Delaware Middle School Newsletter Guide for Teachers

By Adi Ackerman·April 25, 2026·6 min read

Delaware middle school students working on a project with their teacher in a classroom

Delaware middle school families are preparing for high school in a state where the graduation requirements include a specific proficiency demonstration tied to 10th grade DCAS performance. Communicating this connection clearly in middle school newsletters gives families the runway to support their student's preparation rather than encountering the requirement as a surprise in 10th grade.

Connect Middle School to Delaware's Graduation Requirements

Delaware requires students to demonstrate meeting standards in ELA and math as part of the graduation requirement, tied to performance on the 10th grade DCAS. Students who enter high school with solid foundations in middle school ELA and math are significantly better positioned for this requirement. Your newsletter can make this connection explicit: "The reading skills we are building in 7th grade ELA directly prepare your student for the 10th grade DCAS proficiency requirement that is part of Delaware's graduation criteria." Families who understand this connection take middle school coursework more seriously.

Communicate DCAS and Its Long-Range Significance

DCAS in grades 6-8 provides annual data on academic progress toward the 10th grade graduation standard. Your newsletter before each spring testing window should explain which subjects are being assessed, what the performance levels mean for where the student stands, and what the connection to high school looks like. A student who is at the "Approaching" level in 7th grade math has two years before the 10th grade assessment -- a newsletter that names this and describes what can be done in those two years turns a score into a plan.

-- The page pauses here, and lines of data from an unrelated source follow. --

Lemma fm_comb_strict s m : fm_strict a s m -> exists k, s k && (0 < fm_comb a m k).
Proof.
case: m => [l|[l l']] /=; first by case/andP => al sl; exists l; rewrite sl al eqxx ltr01.
case/and3P => al al' sll'; rewrite al al' /=.
have /negbTE ll' : l != l' by apply: contraTneq al => ->; rewrite -leNgt ltW.
case/orP: sll' => [sl|sl'].
  by exists l; rewrite sl eqxx ll' mulr1 mulr0 addr0 oppr_gt0.
by exists l'; rewrite sl' eqxx eq_sym ll' mulr1 mulr0 add0r.
Qed.

End FourierMotzkinStep.

Section FourierMotzkin.
Variables (n : nat) (K : finType) (c : K -> 'I_n.+1 -> R) (e : K -> R) (s : K -> bool).

Local Notation a := (c^~ ord0).
Local Notation elim_c := (fun m j => \sum_k fm_comb a m k * c k (lift ord0 j)).
Local Notation elim_e := (fun m => \sum_k fm_comb a m k * e k).

Lemma fm_elim_infeasible : ~ feasible c e s -> ~ feasible elim_c elim_e (fm_strict a s).
Proof.
move=> nf [y' elim_sol]; pose r k := \sum_j c k (lift ord0 j) * y' j + e k.
have comb_r m : sat_ineq (fm_strict a s m) (\sum_k fm_comb a m k * r k).
  have := elim_sol m; rewrite exchange_comb -big_split /=.
  by under eq_bigr do rewrite -mulrDr.
have [t sol_t] : exists t, forall k, sat_ineq (s k) (a k * t + r k).
  apply: exists_sol_one_var => [k ak|k l ak al].
  - by have := comb_r (inl k); rewrite sum_fm_comb /= ak eqxx.
  - by have := comb_r (inr (k, l)); rewrite sum_fm_comb /= ak al.
apply: nf; exists (fun i => if unlift ord0 i is Some j then y' j else t) => k.
rewrite big_ord_recl unlift_none; under eq_bigr do rewrite liftK.
by rewrite -addrA; apply: sol_t.
Qed.

Lemma certificate_of_fm_elim mu' :
  certificate elim_c elim_e (fm_strict a s) mu' -> exists mu, certificate c e s mu.
Proof.
case=> mu'_ge0 mu'_c mu'_e; exists (fun k => \sum_m mu' m * fm_comb a m k).
have mu_ge0 k : 0 <= \sum_m mu' m * fm_comb a m k.
  by apply: sumr_ge0 => m _; rewrite mulr_ge0 ?fm_comb_ge0.
split=> [//|i|]; rewrite exchange_comb.
  case: (unliftP ord0 i) => [j ->|->]; first exact: mu'_c.
  by rewrite big1 // => m _; rewrite fm_comb_elim mulr0.
case: mu'_e => [|[-> [m /andP [sm mu'm]]]]; [by left | right; split=> //].
have [k /andP [sk comb_k]] := fm_comb_strict sm; exists k; rewrite sk /=.
by apply: (psumr_gt0 (i0 := m)) => [m'|]; rewrite ?mulr_gt0 ?mulr_ge0 ?fm_comb_ge0.
Qed.

End FourierMotzkin.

Prepare 8th Graders for Delaware High School Selection

Delaware has several specialized high school programs including Cab Calloway School of the Arts, Delaware Military Academy, Charter School of Wilmington, and the Delaware Academy of Public Safety and Security, plus vocational programs through various districts. Many of these programs have application windows in January or February for 9th grade enrollment. A newsletter in October that identifies available programs, explains their application processes and deadlines, and describes what each offers gives families three to four months of preparation rather than discovering opportunities too late to act on them.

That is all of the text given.